Reading with... Valerie Nieman

photo: A.L. Sirois

Valerie Nieman spent weeks solo hiking in Scotland to research Upon the Corner of the Moon (Regal House Publishing, March 11, 2025), the story of the young Macbeths. The follow-up, The Last Highland King, in which these rulers unite Scotland in the 11th century, will be published in 2027. Nieman is the author of six other novels, including the Sir Walter Raleigh Award-winning In the Lonely Backwater, a short fiction collection, and three poetry books. A graduate of West Virginia University and Queens University of Charlotte, Nieman was a journalist in West Virginia and a college professor in North Carolina. When not writing or walking or reading, she enjoys fly fishing.

Handsell readers your book in 25 words or less:

The Macbeths you've never known: destined to unite Scotland, they first had to survive as pawns in a dynastic struggle.

On your nightstand now:

H Is for Hawk by Helen Macdonald. Like her, I was a girl who drew hawks and horses, fell down a lot, and read omnivorously. When my mother passed and then my father, I found solace on hiking trails and midstream in trout waters. This book brought back the grief and the healing--and reacquainted me with T.H. White whose The Once and Future King entranced me long ago.

The Birth of Tragedy by Friedrich Nietzsche, because I like something light at bedtime.

All Hallows' Eve by Charles Williams, whose work crosses many boundaries, plus you can't ignore an introduction by T.S. Eliot.

Whish: Poems by Jackie Craven.

Favorite book when you were a child:

Apart from everything about horses, I remember two: Alice's Adventures in Wonderland by Lewis Carroll, and a book of Jack London stories that I plucked off a display meant for older readers during a school book fair. Oh, and all those Little Golden Guides and then Peterson Field Guides--birds, butterflies, rocks, stars, trees, etc.

Your top five authors:

Whatever book I'm currently reading--no, really, I have such a hard time with this as I read all over the place, but just from the top of my head, Margaret Atwood, Hilary Mantel, Edgar Allan Poe, Fred Chappell, Robert Macfarlane.
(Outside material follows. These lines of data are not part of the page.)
Lemma a_power_decrease k : (k0 <= k)%N ->
  a k.+1 <= a k - al * M ^+ 2 / be ^+ 2 * powR (a k) (2 * q).
Proof.
move=> kk0; have kk := leq_trans k1k0 kk0.
rewrite [2 * q]mulrC powRrM powR_mulrn ?powR_ge0 //.
have sq : (M * powR (a k) q) ^+ 2 <= (be * D k) ^+ 2.
  rewrite ler_sqr ?nnegrE ?(KL_from kk0) //.
    by rewrite mulr_ge0 ?powR_ge0 ?ltW.
  by rewrite mulr_ge0 ?D_ge0 ?ltW.
have : al * M ^+ 2 / be ^+ 2 * powR (a k) q ^+ 2 <= al * D k ^+ 2.
  have -> : al * M ^+ 2 / be ^+ 2 * powR (a k) q ^+ 2 = al / be ^+ 2 * (M * powR (a k) q) ^+ 2.
    by rewrite exprMn; field; rewrite gt_eqF.
  have -> : al * D k ^+ 2 = al / be ^+ 2 * (be * D k) ^+ 2 by field; rewrite gt_eqF.
  by apply: ler_wpM2l sq; rewrite divr_ge0 ?sqr_ge0 ?ltW.
have := a_suff_decr kk; lra.
Qed.

End FromKLRegion.

Lemma KL_linear_rate : q <= 1 / 2 ->
  exists C lam : R, 0 < C /\ 0 < lam < 1 /\
    exists K : nat, forall k, (K <= k)%N -> enorm (z k - xb) <= C * lam ^+ k.
Proof.
move=> q_half; have [k0 [k1k0 ak0 KLk]] := KL_eventually.
have a0 k : (k0 <= k)%N -> 0 < a k by move=> kk; apply/a_gt0/(leq_trans k1k0).
have c0 : 0 < al * M ^+ 2 / be ^+ 2 by rewrite divr_gt0 ?mulr_gt0 ?exprn_gt0.
have q2 : 0 < 2 * q by rewrite mulr_gt0.
have q2' : 2 * q <= 1 by move: q_half; lra.
have [c1 contr] := power_decrease_linear c0 a0 q2 q2' ak0 (a_power_decrease k1k0 KLk).
set lam0 := 1 - _ in contr; have lam00 : 0 < lam0 by rewrite subr_gt0.
pose lam := powR lam0 (1 - q).
have lam0' : 0 < lam by apply: powR_gt0.
have lam1 : lam < 1.
  have r0 : 0 < 1 - q by rewrite subr_gt0.
  have := @gt0_ltr_powR R (1 - q) r0 lam0 1.
  by rewrite powR1; apply; rewrite ?nnegrE ?ltW // ltrBlDr ltrDl.
have phistep k : (k0 <= k)%N -> phi k.+1 <= lam * phi k.
  move=> kk0; rewrite /phi /lam -powRM ?(ltW lam00) ?(ltW (a0 _ kk0)) //.
  have r0 : 0 <= 1 - q by rewrite subr_ge0 ltW.
  apply: (ge0_ler_powR r0); rewrite ?nnegrE ?contr //.
    by rewrite ltW // a0 // leqW.
  by rewrite mulr_ge0 // ltW // a0.
have phi0 : 0 < phi k0 by apply/powR_gt0/a0.
exists (T * Cp * phi k0 / lam ^+ k0), lam; split.
  by rewrite divr_gt0 ?exprn_gt0 // mulr_gt0 // mulr_gt0.
split; first by apply/andP.
exists k0 => k /subnKC <-; set m := (k - k0)%N.
apply: le_trans (dist_le_phi k1k0 KLk (leq_addr _ _)) _.
rewrite exprD mulrA divfK ?expf_neq0 ?gt_eqF // -[leRHS]mulrA.
rewrite ler_pM2l ?(mulr_gt0 T_gt0 Cp_gt0) // mulrC.
exact: geometric_bound (ltW lam0') phistep m.
Qed.

Lemma KL_sublinear_rate : 1 / 2 < q ->
  exists vr : R, 0 < vr /\ exists K : nat, forall k, (K <= k)%N ->
    enorm (z k - xb) <= vr * powR (k%:R) (- ((1 - q) / (2 * q - 1))).
Proof.
move=> q_half; have [k0 [k1k0 _ KLk]] := KL_eventually.
have a0 k : (k0 <= k)%N -> 0 < a k by move=> kk; apply/a_gt0/(leq_trans k1k0).
set c := al * M ^+ 2 / be ^+ 2.
have c0 : 0 < c by rewrite divr_gt0 ?mulr_gt0 ?exprn_gt0.
set p := 2 * q - 1; have p0 : 0 < p by rewrite subr_gt0; lra.
have decr k : (k0 <= k)%N -> a k.+1 <= a k - c * powR (a k) (1 + p).
  by rewrite /p (addrC 1) subrK; exact: a_power_decrease.
have grow := power_decrease_sublinear a0 p0 decr.
set s := (1 - q) / p; have s0 : 0 <= s by apply: divr_ge0; [rewrite subr_ge0 ltW | exact: ltW].
have phiE k : phi k = powR (powR (a k) (- p)) (- s).
  by rewrite -powRrM /s mulrN mulNr opprK mulrCA divff ?gt_eqF // mulr1.
have pc0 : 0 < p * c / 2 by rewrite divr_gt0 // mulr_gt0.
exists (T * Cp * powR (p * c / 2) (- s)); split.
  exact: mulr_gt0 (mulr_gt0 T_gt0 Cp_gt0) (powR_gt0 _ pc0).
exists (2 * k0).+1 => k kk.
have [m -> k0m] : exists2 m, k = (k0 + m)%N & (k0 < m)%N.
  by exists (k - k0)%N; clear -kk; lia.
 apply: le_trans (dist_le_phi k1k0 KLk (leq_addr _ _)) _.
rewrite -[leRHS]mulrA ler_pM2l ?(mulr_gt0 T_gt0 Cp_gt0) // phiE.
have km_pos : 0 < (k0 + m)%N%:R * (p * c / 2).
  by rewrite mulr_gt0 // ltr0n addn_gt0 (leq_ltn_trans (leq0n _) k0m) orbT.
have hm : (k0 + m)%N%:R * (p * c / 2) <= m%:R * (p * c).
  have -> : m%:R * (p * c) = (m * 2)%N%:R * (p * c / 2) by rewrite natrM; field.
  by apply: ler_wpM2r; rewrite ?(ltW pc0) // ler_nat muln2 -addnn leq_add2r ltnW.
have := powRN_le_anti km_pos (le_trans hm (grow m)) s0.
by rewrite powRM ?ler0n ?(ltW pc0) // mulrC.
Qed.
Book you've faked reading:

I don't think I've ever faked reading a book. I dipped into Harry Potter and found it wasn't for me, but I have enough familiarity from the omnipresent media that I can be part of a discussion. I have, however, more than once implied that I have already read a book by a friend when it is still on my To Be Read stacks, otherwise known as the floor of my office. I cannot keep up!

Book you're an evangelist for:

Indigo Field by Marjorie Hudson, because it's a Southern book by a non-Southerner, and deals with issues of race and class and belonging while being magnificently readable.

Book you've bought for the cover:

Oh, I'm a sucker for a beautiful binding, especially those Victorian, Art Nouveau, and Glasgow Style wonders created for cloth-and-paperboard popular editions. Did you know that many of those gorgeous covers were created by women? Here's a link to an exhibit focusing on Margaret Armstrong's work. For a single book, a fairly recent book, I think Get in Trouble by Kelly Link really drew me in.

Book you hid from your parents:

None. My parents were extraordinary. Although not college educated, they encouraged my reading and never put up any barriers. When I picked up a paperback copy of D.H. Lawrence's Lady Chatterley's Lover from my uncle's yard sale, he was scarlet with embarrassment and refused to take my quarter. My father intervened: "If she wants to read it, and she can read it, then she can buy it." I was at the time a "tween." I still have that worn book, a memory of unwavering parental support that led directly, I think, to my becoming a writer.

Book that changed your life:

The Left Hand of Darkness by Ursula K. Le Guin. Along with The Illustrated Man by Ray Bradbury and Walter Miller's A Canticle for Leibowitz, it was my introduction one hot teenage summer to the wonders of speculative fiction.

Favorite line from a book:

Oh, this is torturous, as whole books rise up in my memory, but remembering a single line? "It was a pleasure to burn." --Ray Bradbury, Fahrenheit 451

Five books you'll never part with:

The John Ciardi translation of Dante's The Divine Comedy, which brought the poetry to new life in English.

Candide by Voltaire, my introduction to the great thinker in high school French class.

The White Goddess by Robert Graves, because of its intricate exploration of language and myth.

Adversaria by Timothy Russell, which has poems delicate as a Chinese painting but set in the apocalyptic landscape of an Ohio Valley steel mill town.

Norton Anthology of World Literature (hey, that's cheating!)

And one I let get away, my annotated Riverside Shakespeare--because that person needed it more.

Book you most want to read again for the first time:

Dune by Frank Herbert, because I was absolutely immersed in a world where a planet's ecology was addressed.

Why Macbeth?

Among the out-of-my-age-group books I devoured at home was Tales from Shakespeare by Charles and Mary Lamb. Macbeth was my favorite, which led to my father taking me to see a traveling production that came to our rural Appalachian region when I was in junior high. I was hooked forever. Then, while doing research for another book, I learned that the entire story was inside-out, and that Macbeth was a rightful king who ruled well for 17 years. Of his queen, Gruach, we know little more than her name. I would be haunted by this for decades, beginning my research in the 1990s with interlibrary loan books, then on through the arrival of the Internet and two month-long trips to Scotland, where I wandered among ancient stones and got a library card from the National Library of Scotland so that I could access rare volumes and work in the reading room. What book lover wouldn't geek out at that?